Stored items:
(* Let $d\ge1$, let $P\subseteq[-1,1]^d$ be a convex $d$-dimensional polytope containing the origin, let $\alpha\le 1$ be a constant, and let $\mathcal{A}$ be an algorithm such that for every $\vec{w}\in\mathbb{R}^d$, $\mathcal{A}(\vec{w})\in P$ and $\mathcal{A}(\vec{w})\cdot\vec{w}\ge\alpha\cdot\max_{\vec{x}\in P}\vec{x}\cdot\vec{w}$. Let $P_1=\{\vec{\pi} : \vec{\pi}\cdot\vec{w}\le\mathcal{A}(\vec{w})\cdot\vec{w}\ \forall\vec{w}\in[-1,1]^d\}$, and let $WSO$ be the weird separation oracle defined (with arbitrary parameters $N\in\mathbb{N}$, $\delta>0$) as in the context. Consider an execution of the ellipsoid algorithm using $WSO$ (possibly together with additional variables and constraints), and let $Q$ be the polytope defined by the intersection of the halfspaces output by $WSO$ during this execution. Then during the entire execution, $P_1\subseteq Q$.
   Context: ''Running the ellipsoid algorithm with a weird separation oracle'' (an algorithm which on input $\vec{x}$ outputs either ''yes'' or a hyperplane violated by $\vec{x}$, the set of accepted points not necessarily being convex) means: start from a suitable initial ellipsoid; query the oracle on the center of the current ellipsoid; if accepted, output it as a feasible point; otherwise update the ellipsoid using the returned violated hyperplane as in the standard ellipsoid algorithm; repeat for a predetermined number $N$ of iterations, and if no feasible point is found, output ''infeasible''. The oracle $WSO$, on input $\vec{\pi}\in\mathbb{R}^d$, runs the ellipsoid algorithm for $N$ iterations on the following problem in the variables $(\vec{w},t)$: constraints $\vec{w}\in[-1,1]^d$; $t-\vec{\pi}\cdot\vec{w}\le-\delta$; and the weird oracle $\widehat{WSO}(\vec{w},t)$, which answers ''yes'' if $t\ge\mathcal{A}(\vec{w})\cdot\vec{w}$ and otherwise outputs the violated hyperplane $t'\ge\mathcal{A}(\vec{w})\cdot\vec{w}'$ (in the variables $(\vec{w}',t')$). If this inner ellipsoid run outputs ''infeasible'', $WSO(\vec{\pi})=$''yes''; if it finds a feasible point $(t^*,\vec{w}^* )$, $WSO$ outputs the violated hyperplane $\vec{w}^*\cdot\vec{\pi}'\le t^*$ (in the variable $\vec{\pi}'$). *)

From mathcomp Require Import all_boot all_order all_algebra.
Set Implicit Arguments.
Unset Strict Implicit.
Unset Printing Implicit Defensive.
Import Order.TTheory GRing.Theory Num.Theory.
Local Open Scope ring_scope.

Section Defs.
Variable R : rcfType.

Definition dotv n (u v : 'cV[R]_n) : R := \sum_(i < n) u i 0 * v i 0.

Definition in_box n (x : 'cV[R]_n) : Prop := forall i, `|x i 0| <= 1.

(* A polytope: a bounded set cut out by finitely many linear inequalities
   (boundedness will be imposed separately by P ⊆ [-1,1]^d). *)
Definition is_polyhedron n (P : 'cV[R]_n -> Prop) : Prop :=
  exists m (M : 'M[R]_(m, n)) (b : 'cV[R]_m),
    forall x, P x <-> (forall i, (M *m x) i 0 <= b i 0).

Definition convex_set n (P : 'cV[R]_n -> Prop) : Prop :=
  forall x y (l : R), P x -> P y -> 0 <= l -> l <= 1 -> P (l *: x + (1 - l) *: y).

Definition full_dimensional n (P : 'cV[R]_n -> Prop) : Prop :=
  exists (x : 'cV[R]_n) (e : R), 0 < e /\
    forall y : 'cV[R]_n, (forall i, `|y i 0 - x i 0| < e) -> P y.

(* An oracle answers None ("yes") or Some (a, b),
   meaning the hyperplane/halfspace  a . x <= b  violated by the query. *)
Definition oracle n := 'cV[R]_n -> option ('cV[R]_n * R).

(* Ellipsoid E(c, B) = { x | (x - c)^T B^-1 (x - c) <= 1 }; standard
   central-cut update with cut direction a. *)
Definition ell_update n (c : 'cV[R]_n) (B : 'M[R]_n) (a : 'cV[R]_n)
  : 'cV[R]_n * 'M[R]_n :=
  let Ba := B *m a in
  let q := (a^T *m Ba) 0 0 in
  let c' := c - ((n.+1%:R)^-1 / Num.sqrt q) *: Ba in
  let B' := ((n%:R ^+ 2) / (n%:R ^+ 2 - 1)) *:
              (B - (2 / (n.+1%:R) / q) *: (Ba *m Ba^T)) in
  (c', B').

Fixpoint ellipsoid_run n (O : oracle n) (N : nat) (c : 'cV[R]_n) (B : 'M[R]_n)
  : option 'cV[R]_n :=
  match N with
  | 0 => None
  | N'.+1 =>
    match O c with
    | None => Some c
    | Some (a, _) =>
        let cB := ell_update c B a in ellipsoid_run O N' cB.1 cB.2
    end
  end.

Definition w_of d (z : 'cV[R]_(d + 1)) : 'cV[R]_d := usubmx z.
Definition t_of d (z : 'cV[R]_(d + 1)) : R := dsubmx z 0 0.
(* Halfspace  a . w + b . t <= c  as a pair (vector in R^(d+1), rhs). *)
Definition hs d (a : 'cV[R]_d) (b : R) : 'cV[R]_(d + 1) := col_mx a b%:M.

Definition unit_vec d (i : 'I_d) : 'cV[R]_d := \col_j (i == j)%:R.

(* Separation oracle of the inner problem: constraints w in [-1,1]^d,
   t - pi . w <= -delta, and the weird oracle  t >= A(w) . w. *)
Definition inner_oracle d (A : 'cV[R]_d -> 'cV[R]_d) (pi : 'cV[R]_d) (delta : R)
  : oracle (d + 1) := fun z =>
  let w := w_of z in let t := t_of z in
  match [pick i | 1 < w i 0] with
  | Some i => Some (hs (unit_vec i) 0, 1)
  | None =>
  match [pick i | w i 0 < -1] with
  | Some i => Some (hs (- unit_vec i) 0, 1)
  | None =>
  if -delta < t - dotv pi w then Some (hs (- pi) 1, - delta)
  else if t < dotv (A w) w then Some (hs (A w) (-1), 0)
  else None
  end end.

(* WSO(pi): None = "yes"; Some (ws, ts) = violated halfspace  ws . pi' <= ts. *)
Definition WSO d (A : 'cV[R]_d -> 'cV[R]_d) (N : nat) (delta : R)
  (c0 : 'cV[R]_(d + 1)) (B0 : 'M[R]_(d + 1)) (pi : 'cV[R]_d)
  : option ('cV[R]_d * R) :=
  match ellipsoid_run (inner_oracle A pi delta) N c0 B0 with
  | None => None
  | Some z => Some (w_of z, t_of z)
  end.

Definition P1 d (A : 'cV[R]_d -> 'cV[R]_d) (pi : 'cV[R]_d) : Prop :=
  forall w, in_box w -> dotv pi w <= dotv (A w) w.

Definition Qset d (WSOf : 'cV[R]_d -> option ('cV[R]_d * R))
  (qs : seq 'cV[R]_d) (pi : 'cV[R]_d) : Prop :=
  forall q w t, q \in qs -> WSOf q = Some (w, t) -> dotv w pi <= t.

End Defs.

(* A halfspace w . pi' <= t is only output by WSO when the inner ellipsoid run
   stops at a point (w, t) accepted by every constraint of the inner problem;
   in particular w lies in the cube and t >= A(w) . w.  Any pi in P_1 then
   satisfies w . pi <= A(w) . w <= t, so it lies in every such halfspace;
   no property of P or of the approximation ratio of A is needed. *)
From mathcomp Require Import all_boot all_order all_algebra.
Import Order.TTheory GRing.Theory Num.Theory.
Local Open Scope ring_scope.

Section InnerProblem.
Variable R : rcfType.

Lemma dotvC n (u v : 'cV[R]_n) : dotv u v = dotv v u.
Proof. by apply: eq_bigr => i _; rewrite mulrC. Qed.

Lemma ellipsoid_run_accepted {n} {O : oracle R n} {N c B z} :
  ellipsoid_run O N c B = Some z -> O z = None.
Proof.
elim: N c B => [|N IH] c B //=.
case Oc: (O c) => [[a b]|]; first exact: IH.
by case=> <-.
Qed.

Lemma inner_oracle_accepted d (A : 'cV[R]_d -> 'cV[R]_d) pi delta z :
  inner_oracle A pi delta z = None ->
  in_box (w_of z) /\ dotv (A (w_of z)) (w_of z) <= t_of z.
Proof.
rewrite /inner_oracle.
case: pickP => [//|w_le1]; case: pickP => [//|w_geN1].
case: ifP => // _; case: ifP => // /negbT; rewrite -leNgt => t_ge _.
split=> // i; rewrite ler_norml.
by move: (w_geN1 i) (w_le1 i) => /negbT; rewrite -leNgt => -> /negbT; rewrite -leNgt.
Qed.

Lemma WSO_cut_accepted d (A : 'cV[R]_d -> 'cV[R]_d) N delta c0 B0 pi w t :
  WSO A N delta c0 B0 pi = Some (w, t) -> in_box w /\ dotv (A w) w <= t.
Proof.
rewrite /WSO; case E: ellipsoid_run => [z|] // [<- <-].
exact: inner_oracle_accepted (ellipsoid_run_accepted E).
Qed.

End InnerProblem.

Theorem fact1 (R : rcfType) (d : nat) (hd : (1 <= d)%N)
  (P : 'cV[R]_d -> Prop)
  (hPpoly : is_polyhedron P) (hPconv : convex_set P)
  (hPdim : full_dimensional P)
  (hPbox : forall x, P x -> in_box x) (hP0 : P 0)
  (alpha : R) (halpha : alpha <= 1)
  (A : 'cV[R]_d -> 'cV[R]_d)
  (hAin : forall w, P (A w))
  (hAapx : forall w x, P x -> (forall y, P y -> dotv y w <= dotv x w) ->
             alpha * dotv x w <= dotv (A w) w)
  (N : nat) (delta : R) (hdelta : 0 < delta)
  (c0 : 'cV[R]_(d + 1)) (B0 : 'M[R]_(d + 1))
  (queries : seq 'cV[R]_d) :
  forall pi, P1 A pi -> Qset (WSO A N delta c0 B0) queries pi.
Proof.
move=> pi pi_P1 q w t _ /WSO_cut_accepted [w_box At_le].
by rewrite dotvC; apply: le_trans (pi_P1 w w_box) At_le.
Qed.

PROBLEM TO SOLVE: From the entries above, list each line with "queries" in it.

TASK SOLUTION:
  (queries : seq 'cV[R]_d) :
  forall pi, P1 A pi -> Qset (WSO A N delta c0 B0) queries pi.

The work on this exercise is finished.